The story begins in fictional St. Petersburg, Missouri (based on the actual town of Hannibal, Missouri), on the shore of the Mississippi River "forty to fifty years ago" (the novel having been published in 1884). Huckleberry "Huck" Finn (the protagonist and first-person narrator) and his friend, Thomas "Tom" Sawyer, have each come into a considerable sum of money as a result of their earlier adventures (detailed in The Adventures of Tom Sawyer). Huck explains how he is placed under the guardianship of the Widow Douglas, who, together with her stringent sister, Miss Watson, are attempting to "sivilize" him and teach him religion. Huck finds civilized life confining. His spirits are raised when Tom Sawyer helps him to slip past Miss Watson's slave, Jim, so he can meet up with Tom's gang of self-proclaimed "robbers". Just as the gang's activities begin to bore Huck, his shiftless father, "Pap", an abusive alcoholic, suddenly reappears. Huck, who knows his father will spend the money on alcohol, is successful at keeping his fortune out of his father's hands. Pap, however, kidnaps Huck and takes him out of town.

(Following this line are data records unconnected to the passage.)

(* Let $X$ be a Banach space and let $\Pi(X)=\{(x,x^* )\in S_X\times S_{X^*}\colon x^*(x)=1\}$. The following are equivalent: (i) $X$ has property [P]; (ii) the set $\{(x,x^* )\in\operatorname{str\text{-}exp}(B_X)\times\operatorname{SE}(X)\colon \|x^*\|=x^*(x)=1\}$ is dense in $\Pi(X)$; (iii) $X$ has property [P] witnessed by the function $\varepsilon\mapsto\varepsilon^2/2$.
   Context: $\operatorname{SE}(X)$ is the set of $x^*\in X^*$ strongly exposing $B_X$: there is $x_0\in B_X$ with $\operatorname{Re}x^*(x_0)=\sup_{B_X}\operatorname{Re}x^*$ and every sequence $\{x_n\}\subset B_X$ with $\operatorname{Re}x^*(x_n)\to\operatorname{Re}x^*(x_0)$ converges in norm to $x_0$; $\operatorname{str\text{-}exp}(B_X)$ is the set of points of $B_X$ strongly exposed by some functional. $X$ has property [P] (witnessed by a function $\varepsilon\in(0,1)\mapsto\eta(\varepsilon)>0$) if whenever $x\in S_X$, $x^*\in S_{X^*}$ satisfy $\operatorname{Re}x^*(x)>1-\eta(\varepsilon)$, there exist $y^*\in\operatorname{SE}(X)$ and $y\in S_X$ with $\|y^*\|=y^*(y)=1$, $\|y^*-x^*\|<\varepsilon$ and $\|y-x\|<\varepsilon$. Density in $\Pi(X)$ is with respect to the product norm topology. *)

From mathcomp Require Import all_boot all_order all_algebra.
From mathcomp Require Import all_classical all_reals all_analysis.
From mathcomp.real_closed Require Import complex.
Import Order.TTheory GRing.Theory Num.Theory.
Import numFieldNormedType.Exports.
Set Implicit Arguments. Unset Strict Implicit. Unset Printing Implicit Defensive.
Local Open Scope classical_set_scope.
Local Open Scope ring_scope.

(* Banach spaces over K = R (real case, re = id) or K = R[i] (complex case,
   re = complex real part).  [re] is used both for the real part Re and to
   read the (real-valued) norm of K as an element of R. *)
Section BanachDefs.
Context {R : realType} {K : numFieldType} (re : K -> R) {X : normedModType K}.

Definition nrm (x : X) : R := re `|x|.

Definition ballX : set X := [set x | nrm x <= 1].
Definition sphX : set X := [set x | nrm x = 1].

Definition is_dual (f : X -> K) : Prop :=
  (forall (a : K) (u v : X), f (a *: u + v) = a * f u + f v) /\ continuous f.

Definition dnorm (f : X -> K) : R := sup [set re `|f x| | x in ballX].

Definition strongly_exposes (f : X -> K) (x0 : X) : Prop :=
  ballX x0 /\
  re (f x0) = sup [set re (f x) | x in ballX] /\
  forall u : nat -> X, (forall n, ballX (u n)) ->
    (fun n => re (f (u n))) @ \oo --> re (f x0) -> u @ \oo --> x0.

Definition SE (f : X -> K) : Prop := is_dual f /\ exists x0, strongly_exposes f x0.

Definition str_exp (x : X) : Prop := exists f, is_dual f /\ strongly_exposes f x.

Definition PiX (x : X) (f : X -> K) : Prop :=
  sphX x /\ is_dual f /\ dnorm f = 1 /\ f x = 1.

Definition propP_with (eta : R -> R) : Prop :=
  (forall e : R, 0 < e < 1 -> 0 < eta e) /\
  forall e : R, 0 < e < 1 ->
  forall (x : X) (f : X -> K), sphX x -> is_dual f -> dnorm f = 1 ->
    re (f x) > 1 - eta e ->
    exists (g : X -> K) (y : X),
      SE g /\ sphX y /\ dnorm g = 1 /\ g y = 1 /\
      dnorm (fun z => g z - f z) < e /\ nrm (y - x) < e.

Definition propP : Prop := exists eta : R -> R, propP_with eta.

Definition dense_strexp_SE : Prop :=
  forall (x : X) (f : X -> K), PiX x f ->
  forall e : R, 0 < e ->
  exists (y : X) (g : X -> K),
    str_exp y /\ SE g /\ dnorm g = 1 /\ g y = 1 /\
    nrm (y - x) < e /\ dnorm (fun z => g z - f z) < e.

Definition lemma3p10_equiv : Prop :=
  (propP <-> dense_strexp_SE) /\
  (dense_strexp_SE <-> propP_with (fun e => e ^+ 2 / 2)).

End BanachDefs.

(* For (i) => (ii), property [P] applied to a pair
   (x, x^* ) of Pi(X) yields a strongly exposing y^* with y^*(y) = 1 = |y^*|;
   feeding the constant sequence y into the definition of strong exposure shows
   that y is the point exposed by y^*, so y is strongly exposed.  For
   (ii) => (iii), the Bishop-Phelps-Bollobas theorem with the sharp constant
   eps^2/2 gives a pair of Pi(X) strictly within eps of (x, x^* ), and density
   of the pairs of (ii) absorbs the remaining slack.
   The Bishop-Phelps-Bollobas theorem is proved as by Phelps: Ekeland's
   principle gives y in B_X, close to x, at which Re x^* - lam |. - y| is
   maximal on B_X; a Hahn-Banach separation of the cone spanned by B_X - y from
   the lam-ball yields w with |w| <= lam such that x^* + w attains its norm at
   y, and normalising x^* + w gives y^*.  Real and complex scalars are handled
   at once through the real part [re : K -> R]. *)

From Pilot Require Import Defs.
From mathcomp Require Import all_boot all_order all_algebra.
From mathcomp Require Import all_classical all_reals all_analysis.
From mathcomp.real_closed Require Import complex.
From mathcomp Require Import ring lra.
Import Order.TTheory GRing.Theory Num.Theory.
Import numFieldNormedType.Exports.
Local Open Scope classical_set_scope.
Local Open Scope ring_scope.
Set Implicit Arguments. Unset Strict Implicit. Unset Printing Implicit Defensive.

(* [V] is a real vector space through [sc], given explicitly because the
   spaces it is applied to are normed over [K], not over [R]. *)
Section SublinearHahnBanach.
Variables (R : realType) (V : zmodType) (sc : R -> V -> V).
Hypothesis scDr : forall s v w, sc s (v + w) = sc s v + sc s w.
Hypothesis scDl : forall s t v, sc (s + t) v = sc s v + sc t v.
Hypothesis scA : forall s t v, sc s (sc t v) = sc (s * t) v.
Hypothesis sc1 : forall v, sc 1 v = v.

Lemma sc0r v : sc 0 v = 0.
Proof. by apply: (addrI (sc 0 v)); rewrite -scDl !addr0. Qed.
Lemma Gres_mono n r x y : 0 <= x <= y -> y < 1 ->
  0 <= Gres n r x <= Gres n r y /\ 0 <= Gres' n r x <= Gres' n r y.
Proof.
  intros Hxy Hy.
  assert (Hx1 : Rabs x < 1) by (rewrite Rabs_pos_eq; lra).
  assert (Hy1 : Rabs y < 1) by (rewrite Rabs_pos_eq; lra).
  pose proof (fun k => proj1 (alpha_mod_bounds n r k)) as Ha.
  pose proof (PS_derive_alpha_mod_nonneg n r) as Hd.
  unfold Gres, Gres'. repeat split.
  - apply PSeries_nonneg; [auto | lra | apply CV_radius_inside, CV_radius_alpha_mod, Hx1].
  - apply PSeries_le_of_nonneg; [auto | lra | apply CV_radius_inside, CV_radius_alpha_mod, Hy1].
  - apply PSeries_nonneg; [auto | lra | apply ex_pseries_derive, CV_radius_alpha_mod, Hx1].
  - apply PSeries_le_of_nonneg; [auto | lra | apply ex_pseries_derive, CV_radius_alpha_mod, Hy1].
Qed.

(* [Gres n 0] has the constant term [alpha 0 = 1], [Gres' n 0] the term [n alpha n x^(n-1)]. *)
Lemma Gres_Gres'_0_pos n x : (1 <= n)%nat -> 0 < x < 1 -> 0 < Gres n O x * Gres' n O x.
Proof.
  intros Hn Hx.
  assert (Hx1 : Rabs x < 1) by (rewrite Rabs_pos_eq; lra).
  pose proof (fun k => proj1 (alpha_mod_bounds n O k)) as Ha.
  assert (HG : 1 <= Gres n O x).
  { unfold Gres. eapply Rle_trans; [|apply (PSeries_ge_term _ _ O)]; auto; [|lra|].
    - unfold alpha_mod. rewrite Nat.Div0.mod_0_l. simpl. lra.
    - apply CV_radius_inside, CV_radius_alpha_mod, Hx1. }
  assert (HG' : 0 < Gres' n O x).
  { unfold Gres'. eapply Rlt_le_trans; [|apply (PSeries_ge_term _ _ (pred n))].
    - apply Rmult_lt_0_compat; [|apply pow_lt; lra].
      unfold PS_derive, alpha_mod. replace (S (pred n)) with n by lia.
      rewrite Nat.Div0.mod_same. simpl.
      apply Rmult_lt_0_compat; [apply lt_0_INR; lia | apply alpha_bounds].
    - apply PS_derive_alpha_mod_nonneg.
    - lra.
    - apply ex_pseries_derive, CV_radius_alpha_mod, Hx1. }
  nra.
Qed.

Lemma sum_Gres_Gres'_mono n x y : 0 <= x <= y -> y < 1 ->
  0 <= sum_f_R0 (fun r => Gres n r x * Gres' n r x) (n - 1)
     <= sum_f_R0 (fun r => Gres n r y * Gres' n r y) (n - 1).
Proof.
  intros Hxy Hy. split.
  - apply cond_pos_sum. intros r.
    destruct (Gres_mono n r x x) as [[? _] [? _]]; try lra. nra.
  - apply sum_Rle. intros r _.
    destruct (Gres_mono n r x y) as [[? ?] [? ?]]; auto. apply Rmult_le_compat; lra.
Qed.

Lemma sum_Gres_Gres'_pos n y : (1 <= n)%nat -> 0 < y < 1 ->
  0 < sum_f_R0 (fun r => Gres n r y * Gres' n r y) (n - 1).
Proof.
  intros Hn Hy. eapply Rlt_le_trans; [apply (Gres_Gres'_0_pos n y Hn Hy)|].
  apply (sum_f_R0_ge_first (fun r => Gres n r y * Gres' n r y)). intros r.
  destruct (Gres_mono n r y y) as [[? _] [? _]]; try lra. nra.
Qed.

Lemma sum_Gres_sqr_mono n x y : 0 <= x <= y -> y < 1 ->
  sum_f_R0 (fun r => Gres n r x * Gres n r x) (n - 1)
  <= sum_f_R0 (fun r => Gres n r y * Gres n r y) (n - 1).
Proof.
  intros Hxy Hy. apply sum_Rle. intros r _.
  destruct (Gres_mono n r x y) as [[? ?] _]; auto. apply Rmult_le_compat; lra.
Qed.

Lemma H_increasing_lt1 n x y : (1 <= n)%nat -> 0 <= x -> x < y -> y < 1 -> H n x < H n y.
Proof.
  intros Hn Hx Hxy Hy.
  assert (Hn0 : 0 < INR n) by (apply lt_0_INR; lia).
  rewrite !H_lt1 by (auto; rewrite Rabs_pos_eq; lra).
  apply Rmult_lt_compat_l; [exact Hn0|].
  pose proof (sum_Gres_sqr_mono n x y ltac:(lra) Hy).
  pose proof (sum_Gres_Gres'_mono n x y ltac:(lra) Hy).
  pose proof (sum_Gres_Gres'_pos n y Hn ltac:(lra)).
  nra.
Qed.

Lemma H_increasing_gt1 n x y : (1 <= n)%nat -> 1 < x -> x < y -> H n x < H n y.
Proof.
  intros Hn Hx Hxy.
  assert (Hn0 : 0 < INR n) by (apply lt_0_INR; lia).
  rewrite !H_gt1 by (auto; lra).
  assert (Hvu : 0 < / y < / x) by (split; [apply Rinv_0_lt_compat | apply Rinv_lt_contravar]; nra).
  assert (Hu : / x < 1) by (rewrite <- Rinv_1; apply Rinv_lt_contravar; lra).
  pose proof (sum_Gres_Gres'_mono n (/ y) (/ x) ltac:(lra) Hu).
  pose proof (sum_Gres_Gres'_pos n (/ x) Hn ltac:(lra)).
  set (Sv := sum_f_R0 (fun r => Gres n r (/ y) * Gres' n r (/ y)) (n - 1)) in *.
  set (Su := sum_f_R0 (fun r => Gres n r (/ x) * Gres' n r (/ x)) (n - 1)) in *.
  assert (Hsq : (/ y) ^ 2 < (/ x) ^ 2) by nra.
  assert ((/ y) ^ 2 * Sv <= (/ y) ^ 2 * Su) by (apply Rmult_le_compat_l; [apply pow2_ge_0 | lra]).
  assert ((/ y) ^ 2 * Su < (/ x) ^ 2 * Su) by (apply Rmult_lt_compat_r; lra).
  nra.
Qed.

(** * Behaviour near [1] and at infinity *)

Lemma hterm_abs_le c x : -1 <= c <= 1 -> 0 < qd c x -> Rabs (hterm c x) <= / qd c x.
Proof.
  intros Hc Hq. unfold hterm. rewrite Rpower_3_2 by exact Hq.
  pose proof (sqrt_lt_R0 _ Hq) as Hs.
  assert (Hnum : Rabs (1 - x * c) <= sqrt (qd c x)).
  { rewrite <- sqrt_Rsqr_abs. apply sqrt_le_1_alt. unfold Rsqr, qd.
    assert (0 <= x ^ 2 * (1 - c ^ 2)) by (apply Rmult_le_pos; nra). nra. }
  unfold Rdiv. rewrite Rabs_mult, Rabs_inv, (Rabs_pos_eq (qd c x * sqrt (qd c x))) by nra.
  apply (Rmult_le_reg_r (qd c x * sqrt (qd c x))); [nra|].
  rewrite Rmult_assoc, Rinv_l by nra.
  replace (/ qd c x * (qd c x * sqrt (qd c x))) with (sqrt (qd c x)) by (field; lra).
  lra.
Qed.

Lemma hterm_nonneg c x : -1 <= c <= 1 -> 0 <= x < 1 -> 0 <= hterm c x.
Proof.
  intros Hc Hx.
  assert (Hq : 0 < qd c x) by (apply qd_pos; [|rewrite Rabs_pos_eq]; lra).
  unfold hterm. rewrite Rpower_3_2 by exact Hq.
  apply Rdiv_le_0_compat; [nra|]. apply Rmult_lt_0_compat; [|apply sqrt_lt_R0]; exact Hq.
Qed.

Lemma hterm_gt1_le c x : -1 <= c < 1 -> 1 <= x -> hterm c x <= / (2 * (1 - c)).
Proof.
  intros Hc Hx.
  assert (Hq : 2 * (1 - c) <= qd c x) by (unfold qd; nra).
  eapply Rle_trans; [apply Rle_abs|]. eapply Rle_trans; [apply hterm_abs_le; lra|].
  apply Rinv_le_contravar; lra.
Qed.

Lemma hterm_gt1_abs_le c x : -1 <= c <= 1 -> 1 < x -> Rabs (hterm c x) <= / (x - 1) ^ 2.
Proof.
  intros Hc Hx.
  assert (Hq : (x - 1) ^ 2 <= qd c x)
    by (replace ((x - 1) ^ 2) with ((1 - Rabs x) ^ 2) by (rewrite Rabs_pos_eq; [ring | lra]);
        apply qd_ge, Hc).
  assert (0 < (x - 1) ^ 2) by (apply pow_lt; lra).
  eapply Rle_trans; [apply hterm_abs_le; lra|]. apply Rinv_le_contravar; lra.
Qed.

Lemma hterm_one_lt1 x : x < 1 -> hterm 1 x = / (1 - x) ^ 2.
Proof.
  intros Hx. unfold hterm.
  replace (qd 1 x) with (Rsqr (1 - x)) by (unfold Rsqr, qd; ring).
  rewrite Rpower_3_2 by (apply Rlt_0_sqr; lra). rewrite sqrt_Rsqr by lra.
  unfold Rsqr. field. lra.
Qed.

In Illinois, Jackson's Island and while going Downriver
Pap forcibly moves Huck to an abandoned cabin in the woods along the Illinois shoreline. To evade further violence and escape imprisonment, Huck elaborately fakes his own murder, steals his father's provisions, and sets off downriver in a 13/14-foot long canoe he finds drifting downstream. Soon, he settles comfortably on Jackson's Island, where he reunites with Jim, Miss Watson's slave. Jim has also run away after he overheard Miss Watson planning to sell him "down the river" to presumably more brutal owners. Jim plans to make his way to the town of Cairo in Illinois, a free state, so that he can later buy the rest of his enslaved family's freedom. At first, Huck is conflicted about the sin and crime of supporting a runaway slave, but as the two talk in-depth and bond over their mutually held superstitions, Huck emotionally connects with Jim, who increasingly becomes Huck's close friend and guardian. After heavy flooding on the river, the two find a raft (which they keep) as well as an entire house floating on the river (Chapter 9: "The House of Death Floats By"). Entering the house to seek loot, Jim finds the naked body of a dead man lying on the floor, shot in the back. He prevents Huck from viewing the corpse.